(* Let $\alpha\in(0,1]$, $\lambda_\alpha=\sqrt{\log(1/\alpha)/2}$, $p_1,\dots,p_m\in[0,1]$, and consider the DKW local tests $\varphi_A=\max_{t\in[0,1]}\mathbf 1\{i_A(t)>|A|t+\sqrt{|A|}\lambda_\alpha\}$. Let $$\hat m_0=\min_{t\in[0,1)}\Big\lfloor\Big(\frac{\lambda_\alpha}{2(1-t)}+\sqrt{\frac{\lambda_\alpha^2}{4(1-t)^2}+\frac{m-i(t)}{1-t}}\Big)^2\Big\rfloor\wedge m,$$ let $\sigma$ be a permutation with $p_{\sigma(1)}\le\dots\le p_{\sigma(m)}$, $p_{(k)}=p_{\sigma(k)}$, $R_k=\{\sigma(1),\dots,\sigma(k)\}$, $\zeta_k=k\wedge\lfloor\hat m_0p_{(k)}+\sqrt{\hat m_0}\lambda_\alpha\rfloor$, and $\mathfrak R=(R_k,\zeta_k)_{1\le k\le m}$. Then $\hat V^{\mathrm{IP}}_\varphi(S)=\hat V^{\mathrm{JER}}_{\mathfrak R}(S)$ for every $S\subseteq\{1,\dots,m\}$.
   Context: $i_A(t)=\#\{j\in A:p_j\le t\}$, $i(t)=i_{\{1,\dots,m\}}(t)$. $\hat V^{\mathrm{IP}}_\varphi(S)=\max\{|A\cap S|:A\subseteq\{1,\dots,m\},\varphi_A=0\}$. For a reference family $(R_k,\zeta_k)_{k\in\mathcal K}$: $\mathfrak A(\mathfrak R)=\{A\subseteq\{1,\dots,m\}:\forall k,|R_k\cap A|\le\zeta_k\}$ and $\hat V^{\mathrm{JER}}_{\mathfrak R}(S)=\max_{A\in\mathfrak A(\mathfrak R)}|S\cap A|$. *)

From HB Require Import structures.
From mathcomp Require Import all_boot all_order all_algebra perm.
From mathcomp Require Import all_classical all_reals exp.
Set Implicit Arguments. Unset Strict Implicit. Unset Printing Implicit Defensive.
Import Order.TTheory GRing.Theory Num.Theory.
Local Open Scope ring_scope.

Section Defs.
Variables (R : realType) (m : nat) (p : 'I_m -> R) (alpha : R).

Definition lam : R := Num.sqrt (ln (1 / alpha) / 2).

Definition iA (A : {set 'I_m}) (t : R) : nat := #|[set j in A | p j <= t]|.
Definition iall (t : R) : nat := iA [set: 'I_m] t.

Definition phiDKW (A : {set 'I_m}) : bool :=
  `[< exists t : R, 0 <= t <= 1 /\
        #|A|%:R * t + Num.sqrt (#|A|%:R) * lam < (iA A t)%:R >].

Definition VIP (S : {set 'I_m}) : nat :=
  \max_(A : {set 'I_m} | ~~ phiDKW A) #|A :&: S|.

Definition gm0 (t : R) : R :=
  (lam / (2 * (1 - t)) +
   Num.sqrt (lam ^+ 2 / (4 * (1 - t) ^+ 2) + (m%:R - (iall t)%:R) / (1 - t))) ^+ 2.

(* n is a candidate for  min_{t in [0,1)} floor(gm0 t) /\ m *)
Definition m0cand (n : nat) : bool :=
  `[< n = m \/ exists t : R, 0 <= t < 1 /\ Num.floor (gm0 t) = n%:Z >].

Lemma m0cand_ex : exists n, m0cand n.
Proof. by exists m; apply/asboolP; left. Qed.

Definition m0hat : nat := ex_minn m0cand_ex.

Variable sigma : 'S_m.
(* for k : 'I_m, the paper's index is k+1: R_{k+1} = {sigma(1..k+1)} *)
Definition Rk (k : 'I_m) : {set 'I_m} := [set sigma j | j : 'I_m & (j <= k)%N].
Definition zetak (k : 'I_m) : int :=
  Num.min (k.+1)%:Z
    (Num.floor (m0hat%:R * p (sigma k) + Num.sqrt (m0hat%:R) * lam)).

Definition JERadm (A : {set 'I_m}) : bool :=
  [forall k : 'I_m, (#|Rk k :&: A|%:Z <= zetak k)].

Definition VJER (S : {set 'I_m}) : nat :=
  \max_(A : {set 'I_m} | JERadm A) #|S :&: A|.
End Defs.

From HB Require Import structures.
From mathcomp Require Import all_boot all_order all_algebra perm.
From mathcomp Require Import all_classical all_reals.
From mathcomp Require Import ring lra zify.
Set Implicit Arguments. Unset Strict Implicit. Unset Printing Implicit Defensive.
Import Order.TTheory GRing.Theory Num.Theory.
Local Open Scope ring_scope.

(* A set A accepted by all DKW local tests has |A| <= m0hat (the test at t is
   exactly the quadratic inequality solved by the root in the definition of
   m0hat), so |R_k :&: A| <= i_A(p_(k)) <= m0hat p_(k) + sqrt(m0hat) lam: A
   satisfies every JER constraint.  Conversely, pad the part S :&: A of a
   JER-admissible A with the indices of largest p-values until it has m0hat
   elements (or all indices are used).  At a threshold t below every padded
   p-value, the padded set meets {p <= t} only inside A, where the reference
   family controls it; otherwise it contains all of {p > t}, so its count at t
   is m0hat - (m - i(t)), which the definition of m0hat bounds. *)

Lemma le_add_sqrt_sqr_add (R : rcfType) (h u y : R) : 0 <= h -> 0 <= u -> 0 <= y ->
  (y <= h + Num.sqrt (h ^+ 2 + u)) = (y ^+ 2 - 2 * h * y <= u).
Proof.
move=> h0 u0 y0; set q := Num.sqrt _.
have q0 : 0 <= q := sqrtr_ge0 _.
have qE : q ^+ 2 = h ^+ 2 + u by rewrite sqr_sqrtr // addr_ge0 // sqr_ge0.
have hq : h <= q by rewrite -ler_sqr ?nnegrE // qE lerDl.
apply/idP/idP => H; nra.
Qed.

Lemma le_sqr_quad_root (R : rcfType) (s l M a : R) :
  0 < s -> 0 <= l -> 0 <= M -> 0 <= a ->
  (a <= (l / (2 * s) + Num.sqrt (l ^+ 2 / (4 * s ^+ 2) + M / s)) ^+ 2)
  = (s * a - l * Num.sqrt a <= M).
Proof.
move=> s0 l0 M0 a0; set h := l / (2 * s); set y := Num.sqrt a.
have h0 : 0 <= h by rewrite divr_ge0 // mulr_ge0 // ltW.
have u0 : 0 <= M / s by rewrite divr_ge0 // ltW.
have y0 : 0 <= y := sqrtr_ge0 a.
have -> : l ^+ 2 / (4 * s ^+ 2) = h ^+ 2 by rewrite /h; field; rewrite gt_eqF.
rewrite -{1}(sqr_sqrtr a0) -/y ler_sqr ?nnegrE ?addr_ge0 ?sqrtr_ge0 //.
rewrite le_add_sqrt_sqr_add // -(ler_pM2l s0) sqr_sqrtr //.
by congr (_ <= _); rewrite /h /y; field; rewrite gt_eqF.
Qed.

Section LocalTests.
Variables (R : realType) (m : nat) (p : 'I_m -> R) (alpha : R).

Implicit Types (A B : {set 'I_m}) (n : nat) (t : R).

Local Notation m0 := (m0hat p alpha).
Local Notation below t := [set j | p j <= t].

Definition dkw_bound (n : nat) (t : R) : R := n%:R * t + Num.sqrt n%:R * lam alpha.

Lemma lam_ge0 : 0 <= lam alpha.
Proof. exact: sqrtr_ge0. Qed.

Lemma dkw_bound_ge0 n t : 0 <= t -> 0 <= dkw_bound n t.
Proof. by move=> t0; rewrite addr_ge0 ?mulr_ge0 ?sqrtr_ge0 ?lam_ge0. Qed.

Lemma dkw_bound_homo_n n n' t : (n <= n')%N -> 0 <= t ->
  dkw_bound n t <= dkw_bound n' t.
Proof.
by move=> le_nn' t0; rewrite lerD ?ler_wpM2r ?lam_ge0 ?ler_sqrt ?ler_nat.
Qed.

Lemma dkw_bound_homo_t n t t' : t <= t' -> dkw_bound n t <= dkw_bound n t'.
Proof. by move=> le_tt'; rewrite lerD2r ler_wpM2l. Qed.

Lemma iAE A t : iA p A t = #|A :&: below t|.
Proof. by apply: eq_card => j; rewrite !inE. Qed.

Lemma card_below t : iall p t + #|~: below t| = m.
Proof.
by rewrite /iall iAE finset.setTI; have := cardsC (below t); rewrite card_ord.
Qed.

Lemma card_le_iA A t : (#|A| <= iA p A t + #|~: below t|)%N.
Proof.
rewrite iAE -[X in (X <= _)%N](cardsID (below t) A) leq_add2l.
by apply: subset_leq_card; rewrite finset.setDE finset.subsetIr.
Qed.

Lemma phiDKWPn A :
  reflect (forall t, 0 <= t <= 1 -> (iA p A t)%:R <= dkw_bound #|A| t)
          (~~ phiDKW p alpha A).
Proof.
apply: (iffP (asboolPn _)) => [notphi t t01 | bound [t [t01]]].
  by rewrite leNgt; apply/negP => lt; apply: notphi; exists t.
by apply/negP; rewrite -leNgt; apply: bound.
Qed.

Lemma le_gm0 t n : 0 <= t < 1 ->
  (n%:R <= gm0 p alpha t) =
  ((1 - t) * n%:R - lam alpha * Num.sqrt n%:R <= m%:R - (iall p t)%:R).
Proof.
case/andP=> t0 t1; rewrite /gm0 le_sqr_quad_root ?subr_gt0 ?lam_ge0 //.
by rewrite subr_ge0 ler_nat; have := card_below t; lia.
Qed.

Lemma m0hat_le_m : (m0 <= m)%N.
Proof. by rewrite /m0hat; case: ex_minnP => n _ -> //; apply/asboolP; left. Qed.

Lemma m0hat_le_gm0 t : 0 <= t < 1 -> m0%:R <= gm0 p alpha t.
Proof.
move=> t01; have fl0 : 0 <= Num.floor (gm0 p alpha t) by rewrite floor_ge0 sqr_ge0.
have [n nE] : exists n : nat, Num.floor (gm0 p alpha t) = n%:Z.
  by exists `|Num.floor (gm0 p alpha t)|%N; rewrite gez0_abs.
apply: le_trans (floor_le _); rewrite nE -(pmulrn (R := R)) /= ler_nat.
by rewrite /m0hat; case: ex_minnP => k _ -> //; apply/asboolP; right; exists t.
Qed.

Lemma card_le_m0hat A : ~~ phiDKW p alpha A -> (#|A| <= m0)%N.
Proof.
move/phiDKWPn=> bound; rewrite /m0hat; case: ex_minnP => n.
rewrite /m0cand => /asboolP[-> _|[t [t01 floorE]] _].
  by rewrite -[X in (_ <= X)%N]card_ord max_card.
have t01' : 0 <= t <= 1 by case/andP: t01 => -> /ltW.
rewrite -lez_nat -floorE floor_ge_int le_gm0 //.
have := bound t t01'; rewrite /dkw_bound.
have /(congr1 (fun k => k%:R : R)) := card_below t; rewrite natrD.
have := card_le_iA A t; rewrite -(ler_nat R) natrD.
lra.
Qed.

Lemma iA_le_dkw_m0hat B t : #|B| = m0 -> ~: below t \subset B -> 0 <= t <= 1 ->
  (iA p B t)%:R <= dkw_bound m0 t.
Proof.
move=> cardB sub /andP[t0 t1].
have /(congr1 (fun k => k%:R : R)) : (iA p B t + #|~: below t| = m0)%N.
  by rewrite -cardB iAE -(cardsID (below t) B) finset.setDE (finset.setIidPr sub).
rewrite natrD /dkw_bound => iB.
have s0 : 0 <= Num.sqrt (m0%:R : R) * lam alpha by rewrite mulr_ge0 ?sqrtr_ge0 ?lam_ge0.
have [t_lt1|t_ge1] := ltP t 1.
  have t01 : 0 <= t < 1 by rewrite t0.
  have := m0hat_le_gm0 t01; rewrite le_gm0 //.
  have /(congr1 (fun k => k%:R : R)) := card_below t; rewrite natrD.
  lra.
have : 0 <= (#|~: below t|%:R : R) by [].
have : (m0%:R : R) <= m0%:R * t by rewrite ler_peMr.
lra.
Qed.
End LocalTests.

Lemma discrete_ivt (f : nat -> nat) v n : (v <= f 0)%N -> (f n <= v)%N ->
  (forall k, f k <= (f k.+1).+1)%N -> exists k, f k = v.
Proof.
move=> le_v_f0 le_fn_v step; elim: n le_fn_v => [|n IHn] le_fn_v.
  by exists 0%N; apply/eqP; rewrite eqn_leq le_fn_v.
have [le_fn_v'|lt_v_fn] := leqP (f n) v; first exact: IHn.
by exists n.+1; have := step n; lia.
Qed.

Section SortedReferenceFamily.
Variables (R : realType) (m : nat) (p : 'I_m -> R) (alpha : R) (sigma : 'S_m).
Hypothesis p_unit : forall j, 0 <= p j <= 1.
Hypothesis p_sorted : forall i j : 'I_m, (i <= j)%N -> p (sigma i) <= p (sigma j).
Implicit Types (A B C S : {set 'I_m}) (t : R).

Local Notation m0 := (m0hat p alpha).
Local Notation below t := [set j | p j <= t].

Lemma card_Rk k : (#|Rk sigma k| <= k.+1)%N.
Proof.
rewrite /Rk card_imset; last exact: perm_inj.
have -> : [set j : 'I_m | (j <= k)%N] = widen_ord (ltn_ord k) @: 'I_k.+1.
  apply/setP => j; rewrite inE; apply/idP/imsetP => [le_jk | [i _ ->] /=].
    by exists (Ordinal (le_jk : (j < k.+1)%N)) => //; apply: val_inj.
  by rewrite -ltnS.
by rewrite -[X in (_ <= X)%N](card_ord k.+1) leq_imset_card.
Qed.

Lemma Rk_sub_below k : Rk sigma k \subset below (p (sigma k)).
Proof.
by apply/fintype.subsetP => x /imsetP[j]; rewrite !inE => le_jk ->; exact: p_sorted.
Qed.

Lemma accepted_JERadm A : ~~ phiDKW p alpha A -> JERadm p alpha sigma A.
Proof.
move=> /[dup] accA /phiDKWPn bound; apply/forallP => k; rewrite /zetak le_min.
apply/andP; split.
  by rewrite lez_nat (leq_trans (subset_leq_card (finset.subsetIl _ _)) (card_Rk k)).
have t01 := p_unit (sigma k); have /andP[t0 _] := t01.
rewrite floor_ge_int -(pmulrn (R := R)) /=.
apply: le_trans (dkw_bound_homo_n alpha (card_le_m0hat accA) t0).
apply: le_trans (bound _ t01); rewrite ler_nat iAE; apply: subset_leq_card.
by rewrite finset.setIC finset.setIS // Rk_sub_below.
Qed.

Lemma JERadm_iA_le A t : JERadm p alpha sigma A -> 0 <= t ->
  (iA p A t)%:R <= dkw_bound alpha m0 t.
Proof.
move=> /forallP admA t0; rewrite iAE.
have [->|[j jAP]] := set_0Vmem (A :&: below t).
  by rewrite cards0 dkw_bound_ge0.
have Pj : p (sigma (sigma^-1 j)%g) <= t.
  by rewrite permKV; move: jAP; rewrite !inE => /andP[].
case: (@arg_maxnP _ _ (fun k => p (sigma k) <= t) val Pj) => k Pk kmax.
have sub : A :&: below t \subset Rk sigma k :&: A.
  apply/fintype.subsetP => x; rewrite !inE => /andP[xA xP]; rewrite xA andbT.
  by rewrite -(permKV sigma x); apply: imset_f; rewrite inE; apply: kmax; rewrite permKV.
have := admA k; rewrite /zetak le_min => /andP[_].
rewrite floor_ge_int -(pmulrn (R := R)) /= => zk.
apply: le_trans (dkw_bound_homo_t _ _ Pk); apply: le_trans zk.
by rewrite ler_nat subset_leq_card.
Qed.

Definition sigma_tail (K : nat) : {set 'I_m} := [set x | (K <= (sigma^-1)%g x)%N].

Lemma sigma_tail_above K j t : j \in sigma_tail K -> p j <= t ->
  ~: below t \subset sigma_tail K.
Proof.
rewrite inE => le_K_j le_pj_t; apply/fintype.subsetP => x; rewrite !inE -ltNge => lt_t_px.
apply: leq_trans le_K_j _; rewrite leqNgt; apply/negP => /ltnW /p_sorted.
by rewrite !permKV => le_px_pj; move: lt_t_px; rewrite ltNge (le_trans le_px_pj).
Qed.

Lemma card_setU_sigma_tail_leS C K :
  (#|C :|: sigma_tail K| <= (#|C :|: sigma_tail K.+1|).+1)%N.
Proof.
set at_K := [set x | (sigma^-1)%g x == K :> nat].
have sub : C :|: sigma_tail K \subset (C :|: sigma_tail K.+1) :|: at_K.
  apply/fintype.subsetP => x; rewrite !inE leq_eqVlt eq_sym.
  by case/or3P=> ->; rewrite ?orbT.
have card_at_K : (#|at_K| <= 1)%N.
  apply/card_le1_eqP => x y; rewrite !inE => /eqP xK /eqP yK.
  by apply: (perm_inj (s := (sigma^-1)%g)); apply: val_inj => /=; rewrite xK yK.
apply: leq_trans (subset_leq_card sub) _.
have := cardsUI (C :|: sigma_tail K.+1) at_K; lia.
Qed.

Lemma exists_sigma_pad C n : (n <= m)%N -> exists K,
  (n <= #|C :|: sigma_tail K|)%N /\
  (#|C :|: sigma_tail K| = n \/ (m <= K)%N).
Proof.
move=> le_nm; have pad_m : C :|: sigma_tail m = C.
  by apply/setP => x; rewrite !inE leqNgt ltn_ord orbF.
have [le_n_C|lt_C_n] := leqP n #|C|.
  by exists m; rewrite pad_m; split => //; right.
have card_pad_0 : #|C :|: sigma_tail 0| = m.
  by rewrite -[RHS](card_ord m); apply: eq_card => x; rewrite !inE orbT.
have [|||K cardK] := @discrete_ivt (fun K => #|C :|: sigma_tail K|) n m.
- by rewrite card_pad_0.
- by rewrite pad_m ltnW.
- exact: card_setU_sigma_tail_leS.
by exists K; rewrite cardK; split => //; left.
Qed.

Lemma padding_accepted A C K : JERadm p alpha sigma A -> C \subset A ->
  (m0 <= #|C :|: sigma_tail K|)%N ->
  #|C :|: sigma_tail K| = m0 \/ (m <= K)%N ->
  ~~ phiDKW p alpha (C :|: sigma_tail K).
Proof.
move=> admA sub_CA ge_B_m0 eq_B_m0; apply/phiDKWPn => t t01.
have /andP[t0 _] := t01.
have [[j j_tail le_pj_t]|tail_above_t] :=
  pselect (exists2 j, j \in sigma_tail K & p j <= t).
  have cardB : #|C :|: sigma_tail K| = m0.
    case: eq_B_m0 => // le_mK; move: j_tail; rewrite inE leqNgt.
    by rewrite (leq_trans (ltn_ord _) le_mK).
  rewrite cardB; apply: iA_le_dkw_m0hat => //.
  exact: fintype.subset_trans (sigma_tail_above j_tail le_pj_t) (finset.subsetUr _ _).
apply: le_trans (dkw_bound_homo_n alpha ge_B_m0 t0).
apply: le_trans (JERadm_iA_le admA t0); rewrite ler_nat !iAE subset_leq_card //.
apply/fintype.subsetP => x; rewrite !inE => /andP[/orP[xC|x_tail] xP].
  by rewrite (fintype.subsetP sub_CA) ?xP.
by case: tail_above_t; exists x; rewrite ?inE.
Qed.

Lemma VIP_le_VJER S : (VIP p alpha S <= VJER p alpha sigma S)%N.
Proof.
apply/bigmax_leqP => A accA; rewrite finset.setIC.
by apply: (leq_bigmax_cond (F := fun A => #|S :&: A|)); apply: accepted_JERadm.
Qed.

Lemma VJER_le_VIP S : (VJER p alpha sigma S <= VIP p alpha S)%N.
Proof.
apply/bigmax_leqP => A admA.
have [K [ge_B_m0 eq_B_m0]] := exists_sigma_pad (S :&: A) (m0hat_le_m p alpha).
have accB := padding_accepted admA (finset.subsetIr S A) ge_B_m0 eq_B_m0.
apply: leq_trans _ (leq_bigmax_cond (F := fun B => #|B :&: S|) _ accB).
by rewrite subset_leq_card // finset.subsetI finset.subsetUl finset.subsetIl.
Qed.

End SortedReferenceFamily.

Theorem mainTheorem12 (R : realType) (m : nat) (alpha : R) (p : 'I_m -> R)
  (sigma : 'S_m)
  (halpha : 0 < alpha <= 1)
  (hp : forall j, 0 <= p j <= 1)
  (hsigma : forall i j : 'I_m, (i <= j)%N -> p (sigma i) <= p (sigma j)) :
  forall S : {set 'I_m}, VIP p alpha S = VJER p alpha sigma S.
Proof.
by move=> S; apply/eqP; rewrite eqn_leq VIP_le_VJER // VJER_le_VIP.
Qed.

────────────────────

About this task
Using the listing above, return word for word each line from the one that has "Lemma m0cand_ex : exists n, m0cand n." through the one that has "Num.min (k.+1)%:Z", and no line outside that range.

Result below
Lemma m0cand_ex : exists n, m0cand n.
Proof. by exists m; apply/asboolP; left. Qed.

Definition m0hat : nat := ex_minn m0cand_ex.

Variable sigma : 'S_m.
(* for k : 'I_m, the paper's index is k+1: R_{k+1} = {sigma(1..k+1)} *)
Definition Rk (k : 'I_m) : {set 'I_m} := [set sigma j | j : 'I_m & (j <= k)%N].
Definition zetak (k : 'I_m) : int :=
  Num.min (k.+1)%:Z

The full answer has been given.